The variables included represent time series, where the number of samples depends on the amount of time a patient received fluids. An example of the first scenario of ► Figure 2a would be a patient starting receiving fluids at 1 am and requiring vasopressors at 10 am. After 6 hours receiving vasopressors (4 pm) the patient no longer needs them and starts receiving fluids until 8 pm. From 8 pm on, the patient no longer needs fluids or vasopressors. For this patient, a total of 19 samples (8 pm – 1 am) for each of the variables from ► Table 1 are passed to the model. The outcome variable is also formed by 19 samples where from 1 am to 8 am (2 hour prediction window) they would take the value 0, from 8 am to 2 pm the value 1, and from 2 pm until the 8 pm again the value 0. Bringing together all samples for each variable and for all patients forms the complete dataset. This complete dataset is then randomly divided into two subsets: one for feature selection and another for model validation.
Table 1.
All | Pneumonia | Pancreatitis | p-value | |
---|---|---|---|---|
No. of patients, n | 2944 | 802 | 143 | n/a |
Age, yr | 67 (12) | 68 (12) | 59 (12.3) | <0.01 |
Male, % | 56.4 | 55.8 | 55.9 | n/a |
Mortality, % | 46.1 | 58.7 | 50.3 | n/a |
Hospital LOS, days | 13 (7.0) | 20 (10.5) | 19 (10.3) | NS |
ICU LOS, days | 6.0 (4.9) | 12.0 (4.4) | 11.5 (3.9) | NS |
Mean APACHE III* | 62(12) | 63 (13) | 63 (12) | NS |
Mean SOFA | 9 (6.5) | 9 (6) | 10 (7) | NS |
Time between admission and initiation of fluid resuscitation, hours | 6.5 (28.3) | 15(69) | 8.0 (45.1) | NS |
Total time receiving fluid resuscitation, hours | 4.8 (7) | 5 (7) | 6.6 (10.8) | < 0.05 |
Total volume of fluids received, ml | 3000 (4600) | 3000 (5000) | 4500 (5500) | <0.01 |
Rate of fluids administration, mL/hour | 667 (510) | 576 (460) | 638 (606) | NS |
Patients on vasopressors, % | 57.6 | 40.9 | 49.6 | n/a |
Time between initiation of fluid resuscitation and initiation of vasopressors, hours | 4 (12.6) | 7 (16) | 4 (11) | NS |
Total time receiving vasopressors, hours | 1.8 (8) | 5 (12) | 7 (14) | < 0.05 |
n/a – non applicable
NS – not statistically significant (p>0.05)

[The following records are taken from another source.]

Lemma leaf_block_triangle :
  4 <= #|T| -> delta2_ge e 4 -> connected_graph e -> block e B -> triangle e B.
Proof.
move=> T4 D2 CG blk.
have [y0 y0B cy0] := block_nbr CG (leq_trans (isT : 1 < 4) T4) blk cB.
have [p Lp] := longest_spath_from_exists cB.
move: (longest_spath_size_gt1 cB y0B cy0 Lp).
case/lastP: p Lp => [//|t u]; case/lastP: t => [//|r w] Lp _.
have [[hd Sp Up sub] _] := Lp.
have uB : u \in B by apply: sub; rewrite mem_rcons mem_head.
have wB : w \in B by apply: sub; rewrite mem_rcons inE mem_rcons mem_head orbT.
have c_rw : c \in rcons r w by case: (r) hd => [|z r'] [<-]; rewrite mem_head.
have uc : u != c.
  by apply: contraTneq c_rw => uc; move: Up; rewrite rcons_uniq uc => /andP[].
have wu : e w u.
  by move: Sp; rewrite -!cats1 -catA sorted_cat_cons => /andP[_] /= /andP[].
have [/existsP[a /andP[ua aw]]|/existsPn no_a] := boolP [exists a, e u a && (a != w)]; last first.
  case: no_cc; apply: (deg_le1_chorded_cycle (u := u) (w := w)) => // y uy.
  by apply/eqP; move: (no_a y); rewrite uy negbK.
have a_rw := longest_spath_end_nbrs Lp (B_closed uB uc ua) ua.
have aB : a \in B by apply: sub; rewrite mem_rcons inE a_rw orbT.
have Nu : nbhd e u = [set a; w].
  by apply: (longest_end_nbhd Lp uc a_rw) => //; rewrite ?mem_rcons ?mem_head // e_sym.
have a_r : a \in r by move: a_rw; rewrite mem_rcons inE (negbTE aw).
case/splitPr: a_r Lp Up => r1 [|b r2] Lp Up; rewrite -!cats1 -!catA /= in Lp Up.
  have Nw : nbhd e w = [set a; u] by apply: (longest_rotated_end_nbhd Lp); rewrite //= e_sym.
  exact: nbhds_triangle blk.1 aB uB wB Nu Nw.
have Nb : nbhd e b = [set a; head b (r2 ++ [:: w; u])].
  apply: (longest_rotated_end_nbhd Lp); first by rewrite last_cat /= e_sym.
  by case: (r2).
move: Up; rewrite cat_uniq => /and3P[_ _ /and3P[a_notin b_notin _]].
have ub : u != b by apply/eqP => ub; rewrite -ub mem_cat !inE eqxx !orbT in b_notin.
have ba : b != a by apply/eqP => ba; rewrite ba mem_head in a_notin.
have bw : b != w by apply/eqP => bw; rewrite bw mem_cat !inE eqxx orbT in b_notin.
have nub : ~~ e u b.
  have -> : e u b = (b \in nbhd e u) by rewrite inE.
  by rewrite Nu !inE negb_or ba bw.
by case: (not_delta2_ge4 ub nub Nu Nb).
Qed.

End LeafBlock.
End Graph.

Theorem lemma2p9 (T : finType) (e : rel T) :
  symmetric e -> irreflexive e ->
  connected_graph e -> 4 <= #|T| -> delta2_ge e 4 ->
  has_chorded_cycle e \/ (forall B : {set T}, leaf_block e B -> triangle e B).
Proof.
move=> e_sym e_irr CG T4 D2.
have [cc|no_cc] := classic (has_chorded_cycle e); [by left | right].
move=> B [blk [c [cB _ c_unique]]].
apply: (leaf_block_triangle e_sym e_irr no_cc cB _ T4 D2 CG blk) => z y zB zc.
apply: (block_nbrs e_sym e_irr blk zB cB); first by rewrite eq_sym.
by apply: NNPP => /(c_unique z zB) /eqP; rewrite (negbTE zc).
Qed.
(* Let $\nu\ge\frac12$. Then for all $x>0$, $$I_{\nu+1}^2(x)-I_\nu(x)I_{\nu+2}(x)<\frac{2\nu}{x}I_\nu(x)I_{\nu+1}(x).$$ Consequently, if $K>\nu+1$ and $r>0$ satisfies $r=\Psi_\nu(2Kr)$ with $\Psi_\nu(x)=I_{\nu+1}(x)/I_\nu(x)$, then $$r<\sqrt{1-\frac{1}{K}}.$$
   Context: $I_\nu$ denotes the modified Bessel function of the first kind of order $\nu$. *)

From Stdlib Require Import Reals.
From Coquelicot Require Import Coquelicot.
Open Scope R_scope.

Definition Gamma (s : R) : R :=
  RInt_gen (fun t => Rpower t (s - 1) * exp (- t))
           (at_right 0) (Rbar_locally p_infty).

Definition BesselI (nu x : R) : R :=
  Series (fun k : nat =>
    Rpower (x / 2) (2 * INR k + nu) / (INR (Factorial.fact k) * Gamma (INR k + nu + 1))).

Definition Psi (nu x : R) : R := BesselI (nu + 1) x / BesselI nu x.

(* Write I_(nu+j)(x) = (x/2)^(nu+j) / Gamma(nu+1) * S_j((x/2)^2) with power series
   S_j satisfying S_j' = S_(j+1) and, from Bessel's equation, y S_2 = S_0 - (nu+1) S_1;
   identifying the coefficients needs Gamma(s+1) = s Gamma(s), proved by integrating
   by parts on (0, oo).  Both claims then reduce to the positivity, for y > 0, of
   Q(y) = S_0^2 - S_0 S_1 - y S_1^2.  Indeed Q(0) = nu/(nu+1) > 0 and
   (y^(nu+1/2) Q(y))' = y^(nu-1/2) ((nu-1/2)(S_0^2 + y S_1^2) + S_0 S_1 / 2) > 0
   when nu >= 1/2.  For the second claim, r = Psi_nu(2Kr) says S_0 = K S_1 at
   y = (Kr)^2, so Q(y) > 0 becomes K^2 - K - K^2 r^2 > 0. *)

From Stdlib Require Import Reals Lra Lia Classical_Prop.
From Coquelicot Require Import Coquelicot.
Open Scope R_scope.

Lemma exp_le_exp x y : x <= y -> exp x <= exp y.
Proof. intros [H|H]; [left; apply exp_increasing, H | subst; lra]. Qed.

Lemma ln_le_sub_1 y : 0 < y -> ln y <= y - 1.
Proof. intros Hy. pose proof (exp_ineq1_le (ln y)). rewrite exp_ln in H by exact Hy. lra. Qed.

Lemma locally_pos x : 0 < x -> locally x (fun y => 0 < y).
Proof.
  intros Hx. exists (mkposreal x Hx). intros y Hy.
  change (Rabs (y - x) < x) in Hy. apply Rabs_def2 in Hy. lra.
Qed.

Lemma filter_prod_pos_segment (P : R -> Prop) : (forall x, 0 < x -> P x) ->
  filter_prod (at_right 0) (Rbar_locally p_infty)
    (fun ab => forall x, Rmin (fst ab) (snd ab) <= x <= Rmax (fst ab) (snd ab) -> P x).
Proof.
  intros HP. apply Filter_prod with (fun a => 0 < a) (fun b => 0 < b).
  - exists (mkposreal 1 Rlt_0_1). intros; assumption.
  - exists 0. intros; assumption.
  - intros a b Ha Hb x Hx. apply HP.
    pose proof (Rmin_pos a b Ha Hb). simpl in Hx. lra.
Qed.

due to the lack of data neurologic abnormalities (0 – 48 points) and chronic health evaluation (0 – 23 points) were not added to the score
Our modeling was undertaken on two disease-based groups of patients, one with an ICD-9 diagnosis of pneumoniaa and another with an ICD-9 diagnosis of pancreatitisb. These two models were then compared to all subjects representing the general ICU population. The choice of pancreatitis and pneumonia reflected both good patient numbers, but also the belief that these two disorders are anatomically and pathologically distinct which would improve modeling performance and clinical applicability. The choice of ICD-9 codes for patient selection was based on the same approach used by Angus et al. [15] and Martin et al. [16]. However, as argued elsewhere [17], ICD-9 administrative data may not accurately reflect the true prevalence of comorbidities in hospitalized patients, so we also employed natural language processing (NLP) to supplement the identification of patient cohorts. This NLP was performed using a very simple word segmentation of the physicians and nurses’ notes, and identification of a set of keywords. Keywords for pneumomia included: “pneumonia”, “pneum” and “pna”; keywords for pancreatitis included: “pancreatitis”, “sap” and “pctt”.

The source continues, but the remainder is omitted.